# PROBLEM DETAILS:
Your job is to report every line of the entries that has "ltnP".

# DATA LISTING:
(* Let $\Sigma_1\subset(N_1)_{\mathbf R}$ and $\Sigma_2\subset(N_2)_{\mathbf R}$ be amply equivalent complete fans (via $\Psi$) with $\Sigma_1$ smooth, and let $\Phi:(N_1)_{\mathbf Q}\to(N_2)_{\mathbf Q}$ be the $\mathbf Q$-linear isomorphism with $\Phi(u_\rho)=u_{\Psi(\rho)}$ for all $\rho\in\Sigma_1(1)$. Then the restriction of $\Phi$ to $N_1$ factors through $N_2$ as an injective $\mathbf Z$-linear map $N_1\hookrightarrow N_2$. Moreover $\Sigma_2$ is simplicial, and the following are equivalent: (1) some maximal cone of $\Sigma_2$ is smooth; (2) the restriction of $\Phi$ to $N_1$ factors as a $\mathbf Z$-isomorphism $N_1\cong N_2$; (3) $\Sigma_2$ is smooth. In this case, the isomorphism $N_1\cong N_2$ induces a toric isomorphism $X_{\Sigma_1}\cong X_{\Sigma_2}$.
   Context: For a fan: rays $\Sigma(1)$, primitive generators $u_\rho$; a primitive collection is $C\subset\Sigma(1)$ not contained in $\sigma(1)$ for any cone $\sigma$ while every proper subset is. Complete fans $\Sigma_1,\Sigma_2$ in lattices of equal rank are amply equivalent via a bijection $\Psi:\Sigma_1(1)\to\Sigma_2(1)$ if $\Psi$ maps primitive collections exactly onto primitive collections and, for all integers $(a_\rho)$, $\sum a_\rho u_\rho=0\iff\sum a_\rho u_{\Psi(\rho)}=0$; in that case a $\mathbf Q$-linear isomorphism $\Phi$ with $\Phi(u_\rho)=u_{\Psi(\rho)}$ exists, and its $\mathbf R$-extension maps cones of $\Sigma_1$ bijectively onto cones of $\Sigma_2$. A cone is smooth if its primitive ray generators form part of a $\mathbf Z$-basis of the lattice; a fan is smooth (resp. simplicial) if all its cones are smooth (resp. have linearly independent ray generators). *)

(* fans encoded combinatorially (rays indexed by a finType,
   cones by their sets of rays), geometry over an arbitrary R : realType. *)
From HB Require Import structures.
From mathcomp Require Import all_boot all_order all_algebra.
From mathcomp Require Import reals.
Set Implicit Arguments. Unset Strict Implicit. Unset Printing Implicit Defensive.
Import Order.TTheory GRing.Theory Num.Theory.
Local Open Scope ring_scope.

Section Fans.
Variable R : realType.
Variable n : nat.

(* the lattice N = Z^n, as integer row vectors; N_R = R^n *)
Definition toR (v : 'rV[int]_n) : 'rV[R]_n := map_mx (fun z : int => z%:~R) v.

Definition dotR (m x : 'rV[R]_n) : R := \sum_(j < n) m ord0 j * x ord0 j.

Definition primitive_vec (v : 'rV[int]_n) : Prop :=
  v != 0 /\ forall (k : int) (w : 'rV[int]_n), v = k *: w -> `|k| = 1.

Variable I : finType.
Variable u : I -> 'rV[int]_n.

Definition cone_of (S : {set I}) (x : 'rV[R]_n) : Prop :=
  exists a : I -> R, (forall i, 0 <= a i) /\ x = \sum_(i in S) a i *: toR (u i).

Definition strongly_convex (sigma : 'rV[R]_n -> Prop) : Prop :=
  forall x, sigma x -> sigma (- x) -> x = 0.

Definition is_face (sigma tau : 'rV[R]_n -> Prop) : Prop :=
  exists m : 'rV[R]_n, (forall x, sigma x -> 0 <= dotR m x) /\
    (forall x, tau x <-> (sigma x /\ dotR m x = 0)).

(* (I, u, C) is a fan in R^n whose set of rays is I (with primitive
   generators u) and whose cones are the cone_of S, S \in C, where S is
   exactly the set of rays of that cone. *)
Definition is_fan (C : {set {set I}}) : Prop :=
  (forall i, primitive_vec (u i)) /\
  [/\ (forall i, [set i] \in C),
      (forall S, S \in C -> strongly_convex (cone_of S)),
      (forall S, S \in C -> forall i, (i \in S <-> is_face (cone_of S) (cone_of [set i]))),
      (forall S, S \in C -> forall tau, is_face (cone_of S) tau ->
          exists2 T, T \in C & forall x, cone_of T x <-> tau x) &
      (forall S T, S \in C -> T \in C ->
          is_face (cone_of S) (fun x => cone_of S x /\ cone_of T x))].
...
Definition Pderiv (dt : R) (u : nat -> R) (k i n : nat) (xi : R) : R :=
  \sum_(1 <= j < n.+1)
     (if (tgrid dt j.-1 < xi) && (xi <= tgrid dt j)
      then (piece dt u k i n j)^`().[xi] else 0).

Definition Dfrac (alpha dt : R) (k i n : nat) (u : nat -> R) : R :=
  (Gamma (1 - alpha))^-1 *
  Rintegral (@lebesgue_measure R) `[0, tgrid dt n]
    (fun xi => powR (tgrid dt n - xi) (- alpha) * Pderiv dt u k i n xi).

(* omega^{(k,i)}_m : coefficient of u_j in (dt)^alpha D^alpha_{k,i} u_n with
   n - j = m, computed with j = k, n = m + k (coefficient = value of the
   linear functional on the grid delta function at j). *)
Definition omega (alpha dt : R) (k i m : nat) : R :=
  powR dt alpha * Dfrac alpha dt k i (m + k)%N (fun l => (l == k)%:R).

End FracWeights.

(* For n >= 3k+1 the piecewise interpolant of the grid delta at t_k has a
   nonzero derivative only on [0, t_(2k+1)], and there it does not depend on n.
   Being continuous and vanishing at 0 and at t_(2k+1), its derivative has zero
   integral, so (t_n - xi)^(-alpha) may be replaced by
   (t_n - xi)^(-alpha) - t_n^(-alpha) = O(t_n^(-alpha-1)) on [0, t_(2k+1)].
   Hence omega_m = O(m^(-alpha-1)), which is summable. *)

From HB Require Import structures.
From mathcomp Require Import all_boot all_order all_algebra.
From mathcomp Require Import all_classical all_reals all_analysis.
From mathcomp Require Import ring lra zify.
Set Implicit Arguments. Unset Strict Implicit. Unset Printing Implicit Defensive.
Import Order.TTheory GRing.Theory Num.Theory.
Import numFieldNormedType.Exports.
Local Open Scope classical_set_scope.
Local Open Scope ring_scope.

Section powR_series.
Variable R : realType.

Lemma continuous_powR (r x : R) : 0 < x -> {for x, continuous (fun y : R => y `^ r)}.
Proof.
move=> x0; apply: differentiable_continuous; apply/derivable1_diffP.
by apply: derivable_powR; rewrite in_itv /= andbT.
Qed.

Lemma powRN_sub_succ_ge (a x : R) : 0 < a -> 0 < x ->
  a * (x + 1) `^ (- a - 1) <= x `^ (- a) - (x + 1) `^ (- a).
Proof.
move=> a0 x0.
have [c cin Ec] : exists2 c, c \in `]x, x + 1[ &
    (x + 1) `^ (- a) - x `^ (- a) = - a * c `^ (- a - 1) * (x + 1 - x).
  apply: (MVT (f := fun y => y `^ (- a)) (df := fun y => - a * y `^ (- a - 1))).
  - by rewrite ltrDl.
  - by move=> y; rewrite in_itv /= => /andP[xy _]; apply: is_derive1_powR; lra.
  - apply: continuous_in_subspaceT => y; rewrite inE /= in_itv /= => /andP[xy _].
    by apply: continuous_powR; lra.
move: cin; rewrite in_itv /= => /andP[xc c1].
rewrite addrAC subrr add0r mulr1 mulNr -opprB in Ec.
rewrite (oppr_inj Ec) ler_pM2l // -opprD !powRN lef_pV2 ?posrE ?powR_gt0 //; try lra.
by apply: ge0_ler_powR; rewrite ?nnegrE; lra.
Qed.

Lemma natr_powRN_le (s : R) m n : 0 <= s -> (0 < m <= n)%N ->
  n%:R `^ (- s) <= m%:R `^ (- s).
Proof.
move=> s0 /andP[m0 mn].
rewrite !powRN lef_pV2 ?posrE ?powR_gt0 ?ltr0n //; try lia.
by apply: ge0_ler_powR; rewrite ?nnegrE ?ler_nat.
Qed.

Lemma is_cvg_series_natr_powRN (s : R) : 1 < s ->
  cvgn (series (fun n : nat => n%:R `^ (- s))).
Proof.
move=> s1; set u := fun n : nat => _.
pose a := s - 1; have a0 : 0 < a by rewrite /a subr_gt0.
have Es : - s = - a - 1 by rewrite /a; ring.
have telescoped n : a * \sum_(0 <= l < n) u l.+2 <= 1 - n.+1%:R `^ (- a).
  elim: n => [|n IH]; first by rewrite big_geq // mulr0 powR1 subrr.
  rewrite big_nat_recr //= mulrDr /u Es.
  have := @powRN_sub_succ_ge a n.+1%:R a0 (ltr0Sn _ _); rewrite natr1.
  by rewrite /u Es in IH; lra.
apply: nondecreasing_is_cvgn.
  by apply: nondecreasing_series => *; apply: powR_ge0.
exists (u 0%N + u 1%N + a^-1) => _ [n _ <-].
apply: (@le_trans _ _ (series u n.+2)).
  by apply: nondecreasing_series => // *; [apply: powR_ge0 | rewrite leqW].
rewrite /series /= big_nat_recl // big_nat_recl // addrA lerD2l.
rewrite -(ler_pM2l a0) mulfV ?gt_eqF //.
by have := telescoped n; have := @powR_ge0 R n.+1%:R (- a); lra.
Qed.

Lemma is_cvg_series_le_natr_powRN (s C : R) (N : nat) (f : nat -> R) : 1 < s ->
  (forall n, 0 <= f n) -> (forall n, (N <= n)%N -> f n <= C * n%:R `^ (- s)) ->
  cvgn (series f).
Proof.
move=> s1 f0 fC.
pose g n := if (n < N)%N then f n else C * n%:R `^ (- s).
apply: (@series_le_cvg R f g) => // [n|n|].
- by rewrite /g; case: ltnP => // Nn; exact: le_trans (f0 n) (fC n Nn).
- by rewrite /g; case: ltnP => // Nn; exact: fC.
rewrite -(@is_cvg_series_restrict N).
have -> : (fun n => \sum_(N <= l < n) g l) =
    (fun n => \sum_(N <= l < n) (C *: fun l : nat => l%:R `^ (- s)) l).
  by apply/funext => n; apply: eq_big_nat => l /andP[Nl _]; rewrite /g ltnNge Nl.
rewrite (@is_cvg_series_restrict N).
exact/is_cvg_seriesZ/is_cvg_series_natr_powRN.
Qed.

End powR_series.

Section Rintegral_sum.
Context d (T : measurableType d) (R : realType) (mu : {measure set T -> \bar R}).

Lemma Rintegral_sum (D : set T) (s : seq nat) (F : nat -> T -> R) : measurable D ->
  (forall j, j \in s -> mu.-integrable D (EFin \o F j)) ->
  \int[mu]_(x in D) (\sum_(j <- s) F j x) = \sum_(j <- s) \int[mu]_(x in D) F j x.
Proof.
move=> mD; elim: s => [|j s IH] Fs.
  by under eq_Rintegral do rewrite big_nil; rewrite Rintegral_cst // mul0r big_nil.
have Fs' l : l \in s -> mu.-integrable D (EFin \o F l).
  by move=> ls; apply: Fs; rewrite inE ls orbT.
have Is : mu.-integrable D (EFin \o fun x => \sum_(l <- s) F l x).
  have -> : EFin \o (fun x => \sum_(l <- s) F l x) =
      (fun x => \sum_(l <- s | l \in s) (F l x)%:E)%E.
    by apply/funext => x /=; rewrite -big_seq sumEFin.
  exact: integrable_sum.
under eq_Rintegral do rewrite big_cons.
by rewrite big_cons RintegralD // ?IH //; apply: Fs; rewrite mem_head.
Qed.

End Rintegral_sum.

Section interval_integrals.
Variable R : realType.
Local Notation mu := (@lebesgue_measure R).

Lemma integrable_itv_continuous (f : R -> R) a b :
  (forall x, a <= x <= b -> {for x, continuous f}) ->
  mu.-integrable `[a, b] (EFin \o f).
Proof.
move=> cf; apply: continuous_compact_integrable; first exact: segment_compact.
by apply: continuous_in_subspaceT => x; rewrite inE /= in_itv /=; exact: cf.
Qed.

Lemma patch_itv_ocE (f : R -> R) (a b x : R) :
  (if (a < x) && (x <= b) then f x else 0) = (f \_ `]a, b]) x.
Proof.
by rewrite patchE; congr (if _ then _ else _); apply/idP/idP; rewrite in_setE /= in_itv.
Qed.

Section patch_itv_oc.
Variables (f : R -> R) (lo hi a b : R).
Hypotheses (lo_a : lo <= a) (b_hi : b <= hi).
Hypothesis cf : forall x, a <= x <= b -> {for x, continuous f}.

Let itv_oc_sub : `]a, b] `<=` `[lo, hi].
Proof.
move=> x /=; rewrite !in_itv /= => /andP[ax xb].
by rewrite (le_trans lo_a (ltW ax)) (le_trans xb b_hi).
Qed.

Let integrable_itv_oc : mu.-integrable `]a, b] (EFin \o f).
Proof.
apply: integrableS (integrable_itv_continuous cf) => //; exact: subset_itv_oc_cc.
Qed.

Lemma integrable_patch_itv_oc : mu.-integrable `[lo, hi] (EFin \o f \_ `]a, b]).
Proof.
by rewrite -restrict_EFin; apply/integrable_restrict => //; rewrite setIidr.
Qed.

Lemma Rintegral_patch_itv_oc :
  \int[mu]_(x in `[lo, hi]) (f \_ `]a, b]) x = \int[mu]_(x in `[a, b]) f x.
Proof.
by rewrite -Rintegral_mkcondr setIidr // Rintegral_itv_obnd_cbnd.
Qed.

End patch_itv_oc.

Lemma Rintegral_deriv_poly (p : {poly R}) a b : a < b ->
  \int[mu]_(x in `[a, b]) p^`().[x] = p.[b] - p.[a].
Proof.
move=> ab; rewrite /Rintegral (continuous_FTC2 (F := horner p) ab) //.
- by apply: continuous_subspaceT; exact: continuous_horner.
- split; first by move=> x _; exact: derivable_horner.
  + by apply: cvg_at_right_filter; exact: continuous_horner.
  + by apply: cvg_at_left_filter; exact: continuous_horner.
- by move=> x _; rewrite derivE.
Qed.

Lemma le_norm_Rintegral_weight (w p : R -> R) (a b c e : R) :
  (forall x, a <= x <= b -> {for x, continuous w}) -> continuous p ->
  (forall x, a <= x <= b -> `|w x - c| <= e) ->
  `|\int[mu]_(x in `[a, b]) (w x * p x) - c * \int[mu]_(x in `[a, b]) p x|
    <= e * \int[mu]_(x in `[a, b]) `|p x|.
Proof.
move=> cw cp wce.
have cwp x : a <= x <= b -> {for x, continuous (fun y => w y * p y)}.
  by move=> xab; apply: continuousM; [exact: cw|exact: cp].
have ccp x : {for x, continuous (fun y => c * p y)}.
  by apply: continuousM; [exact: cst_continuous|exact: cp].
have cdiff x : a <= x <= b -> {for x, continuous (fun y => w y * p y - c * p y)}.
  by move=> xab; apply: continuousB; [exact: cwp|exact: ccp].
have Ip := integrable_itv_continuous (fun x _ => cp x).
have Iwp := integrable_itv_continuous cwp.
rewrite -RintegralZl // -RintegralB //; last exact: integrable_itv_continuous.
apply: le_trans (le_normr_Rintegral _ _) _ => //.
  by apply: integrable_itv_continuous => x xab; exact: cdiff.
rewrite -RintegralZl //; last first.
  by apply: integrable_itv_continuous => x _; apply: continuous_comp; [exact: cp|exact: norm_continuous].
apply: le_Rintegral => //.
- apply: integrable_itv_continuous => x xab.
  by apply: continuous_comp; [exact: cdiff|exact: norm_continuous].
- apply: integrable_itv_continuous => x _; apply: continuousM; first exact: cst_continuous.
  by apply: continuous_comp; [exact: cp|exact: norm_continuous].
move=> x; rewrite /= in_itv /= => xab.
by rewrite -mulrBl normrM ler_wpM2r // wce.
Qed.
--
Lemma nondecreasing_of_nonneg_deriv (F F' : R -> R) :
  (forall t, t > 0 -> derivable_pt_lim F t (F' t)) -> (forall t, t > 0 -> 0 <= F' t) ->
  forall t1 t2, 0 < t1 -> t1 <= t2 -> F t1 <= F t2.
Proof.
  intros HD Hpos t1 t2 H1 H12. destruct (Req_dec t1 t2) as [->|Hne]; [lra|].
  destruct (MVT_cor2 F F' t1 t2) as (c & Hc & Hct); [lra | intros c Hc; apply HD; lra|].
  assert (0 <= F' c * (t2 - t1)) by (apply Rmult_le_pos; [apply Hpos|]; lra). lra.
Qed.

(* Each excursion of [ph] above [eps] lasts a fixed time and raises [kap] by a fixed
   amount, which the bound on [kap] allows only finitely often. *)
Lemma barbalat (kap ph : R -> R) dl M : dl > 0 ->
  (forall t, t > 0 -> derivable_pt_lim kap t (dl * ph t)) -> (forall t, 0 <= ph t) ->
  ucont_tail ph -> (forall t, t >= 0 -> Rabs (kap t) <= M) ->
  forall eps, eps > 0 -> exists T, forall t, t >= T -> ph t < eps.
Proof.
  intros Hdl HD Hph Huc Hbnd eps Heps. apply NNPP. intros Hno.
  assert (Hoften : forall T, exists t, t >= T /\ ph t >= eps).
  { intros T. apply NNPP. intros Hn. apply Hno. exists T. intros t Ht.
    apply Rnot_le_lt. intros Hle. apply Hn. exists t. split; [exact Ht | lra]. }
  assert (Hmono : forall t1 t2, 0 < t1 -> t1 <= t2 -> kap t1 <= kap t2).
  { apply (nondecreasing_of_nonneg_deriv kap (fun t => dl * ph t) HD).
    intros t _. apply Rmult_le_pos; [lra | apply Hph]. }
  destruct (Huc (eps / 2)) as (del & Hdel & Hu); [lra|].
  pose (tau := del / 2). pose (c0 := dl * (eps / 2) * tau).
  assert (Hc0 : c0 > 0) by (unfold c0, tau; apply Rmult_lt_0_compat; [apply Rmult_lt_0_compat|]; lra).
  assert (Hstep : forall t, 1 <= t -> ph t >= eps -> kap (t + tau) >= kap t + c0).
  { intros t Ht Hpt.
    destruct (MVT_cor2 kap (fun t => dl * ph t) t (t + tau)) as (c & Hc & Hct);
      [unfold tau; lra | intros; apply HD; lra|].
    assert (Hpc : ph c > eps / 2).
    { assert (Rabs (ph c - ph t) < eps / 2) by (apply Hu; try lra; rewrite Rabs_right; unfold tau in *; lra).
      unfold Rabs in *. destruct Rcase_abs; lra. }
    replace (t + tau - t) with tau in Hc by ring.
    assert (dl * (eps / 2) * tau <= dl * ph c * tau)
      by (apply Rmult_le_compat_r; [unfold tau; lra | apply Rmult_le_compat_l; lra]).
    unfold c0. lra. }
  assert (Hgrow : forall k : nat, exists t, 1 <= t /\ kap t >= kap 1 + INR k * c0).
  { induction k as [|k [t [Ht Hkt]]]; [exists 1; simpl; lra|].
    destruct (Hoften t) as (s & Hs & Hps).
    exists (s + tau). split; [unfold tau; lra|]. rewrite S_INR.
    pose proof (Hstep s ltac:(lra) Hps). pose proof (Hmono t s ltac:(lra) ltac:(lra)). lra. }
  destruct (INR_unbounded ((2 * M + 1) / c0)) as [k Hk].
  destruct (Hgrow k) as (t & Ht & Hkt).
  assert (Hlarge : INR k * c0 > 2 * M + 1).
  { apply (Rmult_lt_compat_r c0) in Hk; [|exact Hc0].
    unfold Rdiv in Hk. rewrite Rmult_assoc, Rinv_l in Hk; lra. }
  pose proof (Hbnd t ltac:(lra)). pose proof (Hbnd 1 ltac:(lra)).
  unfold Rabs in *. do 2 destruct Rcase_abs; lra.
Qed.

# RESULT OF THIS TASK:
- by rewrite /g; case: ltnP => // Nn; exact: le_trans (f0 n) (fC n Nn).
- by rewrite /g; case: ltnP => // Nn; exact: fC.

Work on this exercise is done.